◆ **Work required**
Each line from the first down to the one containing "Let val_set_neq0 s : exists y, val_set s y." should be returned exactly as it appears below.

Source records:
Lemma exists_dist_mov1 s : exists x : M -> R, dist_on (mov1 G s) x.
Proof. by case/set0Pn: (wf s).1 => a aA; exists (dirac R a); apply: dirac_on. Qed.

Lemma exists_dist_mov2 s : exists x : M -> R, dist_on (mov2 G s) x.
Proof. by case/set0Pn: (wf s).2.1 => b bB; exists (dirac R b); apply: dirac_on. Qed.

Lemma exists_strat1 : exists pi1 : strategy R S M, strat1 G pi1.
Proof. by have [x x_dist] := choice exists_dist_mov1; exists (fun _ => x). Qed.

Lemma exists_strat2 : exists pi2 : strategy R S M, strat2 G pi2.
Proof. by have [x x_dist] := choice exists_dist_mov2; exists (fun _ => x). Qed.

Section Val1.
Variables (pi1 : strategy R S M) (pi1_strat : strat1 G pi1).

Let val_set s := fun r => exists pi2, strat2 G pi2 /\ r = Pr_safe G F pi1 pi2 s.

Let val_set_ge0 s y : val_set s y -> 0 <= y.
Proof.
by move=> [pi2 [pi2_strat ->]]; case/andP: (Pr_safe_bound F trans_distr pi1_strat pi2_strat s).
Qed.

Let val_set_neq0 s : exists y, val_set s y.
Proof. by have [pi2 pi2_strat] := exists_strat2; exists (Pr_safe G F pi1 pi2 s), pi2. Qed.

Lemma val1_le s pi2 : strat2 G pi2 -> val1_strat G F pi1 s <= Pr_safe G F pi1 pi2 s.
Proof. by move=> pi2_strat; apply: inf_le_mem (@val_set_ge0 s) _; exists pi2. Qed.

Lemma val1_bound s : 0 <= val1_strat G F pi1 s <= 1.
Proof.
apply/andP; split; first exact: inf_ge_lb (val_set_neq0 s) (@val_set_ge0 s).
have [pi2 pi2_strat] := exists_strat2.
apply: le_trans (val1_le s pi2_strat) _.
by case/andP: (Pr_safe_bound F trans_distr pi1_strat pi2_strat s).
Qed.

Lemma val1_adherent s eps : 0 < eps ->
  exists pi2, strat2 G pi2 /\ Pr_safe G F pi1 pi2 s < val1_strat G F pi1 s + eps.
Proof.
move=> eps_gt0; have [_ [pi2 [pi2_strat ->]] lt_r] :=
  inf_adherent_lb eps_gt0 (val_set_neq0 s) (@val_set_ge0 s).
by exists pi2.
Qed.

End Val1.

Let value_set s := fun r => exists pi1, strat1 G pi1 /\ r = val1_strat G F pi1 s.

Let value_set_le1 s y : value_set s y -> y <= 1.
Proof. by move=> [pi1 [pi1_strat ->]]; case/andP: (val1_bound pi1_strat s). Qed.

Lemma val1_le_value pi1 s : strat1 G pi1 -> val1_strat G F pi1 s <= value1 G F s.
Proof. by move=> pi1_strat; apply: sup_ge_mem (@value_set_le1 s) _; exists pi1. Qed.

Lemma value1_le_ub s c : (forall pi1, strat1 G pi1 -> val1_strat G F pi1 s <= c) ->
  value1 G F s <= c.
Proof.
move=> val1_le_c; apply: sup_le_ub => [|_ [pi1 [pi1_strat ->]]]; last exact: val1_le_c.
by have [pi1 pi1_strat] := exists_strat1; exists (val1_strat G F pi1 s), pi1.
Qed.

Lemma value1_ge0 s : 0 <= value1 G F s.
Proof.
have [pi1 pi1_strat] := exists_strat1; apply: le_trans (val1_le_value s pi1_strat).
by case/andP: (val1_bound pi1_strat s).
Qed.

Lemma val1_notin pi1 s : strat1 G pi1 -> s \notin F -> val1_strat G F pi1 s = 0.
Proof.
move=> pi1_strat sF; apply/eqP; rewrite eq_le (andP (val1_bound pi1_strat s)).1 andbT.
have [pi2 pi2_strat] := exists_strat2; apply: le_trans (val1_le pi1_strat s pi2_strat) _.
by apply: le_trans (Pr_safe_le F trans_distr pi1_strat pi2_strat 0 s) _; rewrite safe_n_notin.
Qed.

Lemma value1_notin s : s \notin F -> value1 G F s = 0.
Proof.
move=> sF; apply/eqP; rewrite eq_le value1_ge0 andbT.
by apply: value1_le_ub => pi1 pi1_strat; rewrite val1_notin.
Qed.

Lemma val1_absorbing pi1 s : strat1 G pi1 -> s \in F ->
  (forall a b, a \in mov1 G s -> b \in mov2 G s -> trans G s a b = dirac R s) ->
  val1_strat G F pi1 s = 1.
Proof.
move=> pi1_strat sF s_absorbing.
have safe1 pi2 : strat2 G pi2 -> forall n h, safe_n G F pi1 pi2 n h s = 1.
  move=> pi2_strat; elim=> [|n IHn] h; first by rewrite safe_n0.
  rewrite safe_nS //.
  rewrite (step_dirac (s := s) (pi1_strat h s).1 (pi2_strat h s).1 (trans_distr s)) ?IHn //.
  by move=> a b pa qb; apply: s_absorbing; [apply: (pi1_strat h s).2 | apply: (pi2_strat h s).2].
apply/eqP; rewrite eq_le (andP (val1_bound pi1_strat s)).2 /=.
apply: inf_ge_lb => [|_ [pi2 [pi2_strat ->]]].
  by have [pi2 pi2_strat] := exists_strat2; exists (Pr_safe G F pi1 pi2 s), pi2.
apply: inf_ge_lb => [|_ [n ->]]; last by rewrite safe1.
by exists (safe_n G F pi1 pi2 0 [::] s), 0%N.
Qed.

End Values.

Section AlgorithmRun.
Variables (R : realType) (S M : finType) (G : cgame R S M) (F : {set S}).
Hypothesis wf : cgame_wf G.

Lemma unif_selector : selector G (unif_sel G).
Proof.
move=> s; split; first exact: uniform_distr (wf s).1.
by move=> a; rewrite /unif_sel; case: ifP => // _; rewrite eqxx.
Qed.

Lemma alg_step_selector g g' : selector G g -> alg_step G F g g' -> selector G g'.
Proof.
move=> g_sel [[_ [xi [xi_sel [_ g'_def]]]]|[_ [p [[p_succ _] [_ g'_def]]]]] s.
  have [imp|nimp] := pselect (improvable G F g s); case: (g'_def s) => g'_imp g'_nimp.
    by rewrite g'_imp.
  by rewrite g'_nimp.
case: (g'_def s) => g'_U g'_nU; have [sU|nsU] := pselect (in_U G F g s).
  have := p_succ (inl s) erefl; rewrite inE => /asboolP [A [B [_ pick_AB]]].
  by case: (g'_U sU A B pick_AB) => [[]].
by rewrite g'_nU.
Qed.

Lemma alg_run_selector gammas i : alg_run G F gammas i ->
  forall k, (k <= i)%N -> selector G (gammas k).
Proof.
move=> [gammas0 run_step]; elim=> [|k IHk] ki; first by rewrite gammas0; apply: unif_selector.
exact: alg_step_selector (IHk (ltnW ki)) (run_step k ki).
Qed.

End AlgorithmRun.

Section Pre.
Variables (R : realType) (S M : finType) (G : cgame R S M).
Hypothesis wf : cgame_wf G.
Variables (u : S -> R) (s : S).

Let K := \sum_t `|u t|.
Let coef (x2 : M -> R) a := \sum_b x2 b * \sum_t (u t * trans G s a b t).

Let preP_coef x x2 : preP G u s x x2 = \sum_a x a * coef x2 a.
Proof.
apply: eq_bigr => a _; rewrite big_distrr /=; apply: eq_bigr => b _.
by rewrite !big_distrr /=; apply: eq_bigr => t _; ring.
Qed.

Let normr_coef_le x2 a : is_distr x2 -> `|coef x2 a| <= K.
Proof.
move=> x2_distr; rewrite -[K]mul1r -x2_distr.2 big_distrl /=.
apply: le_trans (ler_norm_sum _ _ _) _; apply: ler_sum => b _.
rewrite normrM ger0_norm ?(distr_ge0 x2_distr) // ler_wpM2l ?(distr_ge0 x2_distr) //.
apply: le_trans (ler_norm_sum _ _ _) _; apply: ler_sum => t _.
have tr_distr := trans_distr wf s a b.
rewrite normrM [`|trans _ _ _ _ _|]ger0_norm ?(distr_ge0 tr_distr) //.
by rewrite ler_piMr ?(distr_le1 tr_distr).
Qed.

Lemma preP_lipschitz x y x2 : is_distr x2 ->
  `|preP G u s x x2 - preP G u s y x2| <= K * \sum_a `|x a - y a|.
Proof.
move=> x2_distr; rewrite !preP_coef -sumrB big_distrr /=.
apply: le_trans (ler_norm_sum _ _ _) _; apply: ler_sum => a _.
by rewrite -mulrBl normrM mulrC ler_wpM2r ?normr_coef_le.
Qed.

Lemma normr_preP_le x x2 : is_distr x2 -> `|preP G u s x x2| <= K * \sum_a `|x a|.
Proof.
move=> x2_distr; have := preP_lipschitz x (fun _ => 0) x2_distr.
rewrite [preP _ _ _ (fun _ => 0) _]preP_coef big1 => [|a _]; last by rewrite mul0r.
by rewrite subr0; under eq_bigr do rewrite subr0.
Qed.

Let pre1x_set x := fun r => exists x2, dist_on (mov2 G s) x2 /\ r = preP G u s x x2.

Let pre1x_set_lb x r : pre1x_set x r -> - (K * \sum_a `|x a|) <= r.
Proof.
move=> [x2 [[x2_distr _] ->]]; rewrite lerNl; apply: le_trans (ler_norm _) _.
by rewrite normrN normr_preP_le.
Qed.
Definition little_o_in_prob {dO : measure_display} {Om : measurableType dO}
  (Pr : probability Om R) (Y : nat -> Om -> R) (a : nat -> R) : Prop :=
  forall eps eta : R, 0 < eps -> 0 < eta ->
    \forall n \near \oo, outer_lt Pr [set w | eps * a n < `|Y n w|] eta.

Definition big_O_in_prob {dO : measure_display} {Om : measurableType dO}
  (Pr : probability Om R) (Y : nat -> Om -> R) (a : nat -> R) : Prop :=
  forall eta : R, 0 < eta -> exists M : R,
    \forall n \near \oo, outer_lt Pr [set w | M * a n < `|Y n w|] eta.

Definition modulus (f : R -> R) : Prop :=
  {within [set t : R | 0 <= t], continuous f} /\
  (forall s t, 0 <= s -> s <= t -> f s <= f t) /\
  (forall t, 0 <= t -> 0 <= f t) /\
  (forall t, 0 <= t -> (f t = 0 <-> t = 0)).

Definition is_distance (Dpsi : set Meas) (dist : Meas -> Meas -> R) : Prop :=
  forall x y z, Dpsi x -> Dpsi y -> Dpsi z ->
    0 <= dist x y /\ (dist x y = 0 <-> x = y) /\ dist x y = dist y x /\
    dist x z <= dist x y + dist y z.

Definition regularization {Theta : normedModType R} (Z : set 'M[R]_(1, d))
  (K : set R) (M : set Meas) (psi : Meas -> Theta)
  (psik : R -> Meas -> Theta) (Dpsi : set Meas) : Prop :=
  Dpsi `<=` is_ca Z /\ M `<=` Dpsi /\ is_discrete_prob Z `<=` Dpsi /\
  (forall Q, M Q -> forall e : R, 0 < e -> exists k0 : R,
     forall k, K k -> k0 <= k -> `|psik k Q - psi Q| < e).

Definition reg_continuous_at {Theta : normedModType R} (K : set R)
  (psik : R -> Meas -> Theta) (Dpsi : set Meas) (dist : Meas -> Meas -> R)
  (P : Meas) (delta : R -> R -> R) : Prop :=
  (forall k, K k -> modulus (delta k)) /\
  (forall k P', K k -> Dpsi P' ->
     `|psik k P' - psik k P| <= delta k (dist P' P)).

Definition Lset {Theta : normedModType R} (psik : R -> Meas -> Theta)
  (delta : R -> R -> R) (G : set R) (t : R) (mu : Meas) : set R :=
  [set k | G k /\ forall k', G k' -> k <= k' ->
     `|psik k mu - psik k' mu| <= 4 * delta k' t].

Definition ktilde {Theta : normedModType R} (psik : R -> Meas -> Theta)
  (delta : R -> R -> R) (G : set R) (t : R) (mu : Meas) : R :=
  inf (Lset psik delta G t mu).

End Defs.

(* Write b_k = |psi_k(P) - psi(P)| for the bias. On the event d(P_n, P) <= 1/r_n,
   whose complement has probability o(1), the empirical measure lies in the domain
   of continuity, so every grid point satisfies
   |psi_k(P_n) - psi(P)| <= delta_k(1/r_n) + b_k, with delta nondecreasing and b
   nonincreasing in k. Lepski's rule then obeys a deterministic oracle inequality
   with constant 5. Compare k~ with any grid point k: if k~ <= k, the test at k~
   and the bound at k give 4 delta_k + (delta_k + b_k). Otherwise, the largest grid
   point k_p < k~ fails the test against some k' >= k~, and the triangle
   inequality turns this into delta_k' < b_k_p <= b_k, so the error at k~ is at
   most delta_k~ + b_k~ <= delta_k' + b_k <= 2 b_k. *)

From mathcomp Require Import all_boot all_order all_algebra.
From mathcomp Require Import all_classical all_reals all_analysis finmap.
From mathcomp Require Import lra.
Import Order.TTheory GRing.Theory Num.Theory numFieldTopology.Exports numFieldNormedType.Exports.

◆ **The answer**
Lemma exists_dist_mov1 s : exists x : M -> R, dist_on (mov1 G s) x.
Proof. by case/set0Pn: (wf s).1 => a aA; exists (dirac R a); apply: dirac_on. Qed.

Lemma exists_dist_mov2 s : exists x : M -> R, dist_on (mov2 G s) x.
Proof. by case/set0Pn: (wf s).2.1 => b bB; exists (dirac R b); apply: dirac_on. Qed.

Lemma exists_strat1 : exists pi1 : strategy R S M, strat1 G pi1.
Proof. by have [x x_dist] := choice exists_dist_mov1; exists (fun _ => x). Qed.

Lemma exists_strat2 : exists pi2 : strategy R S M, strat2 G pi2.
Proof. by have [x x_dist] := choice exists_dist_mov2; exists (fun _ => x). Qed.

Section Val1.
Variables (pi1 : strategy R S M) (pi1_strat : strat1 G pi1).

Let val_set s := fun r => exists pi2, strat2 G pi2 /\ r = Pr_safe G F pi1 pi2 s.

Let val_set_ge0 s y : val_set s y -> 0 <= y.
Proof.
by move=> [pi2 [pi2_strat ->]]; case/andP: (Pr_safe_bound F trans_distr pi1_strat pi2_strat s).
Qed.

Let val_set_neq0 s : exists y, val_set s y.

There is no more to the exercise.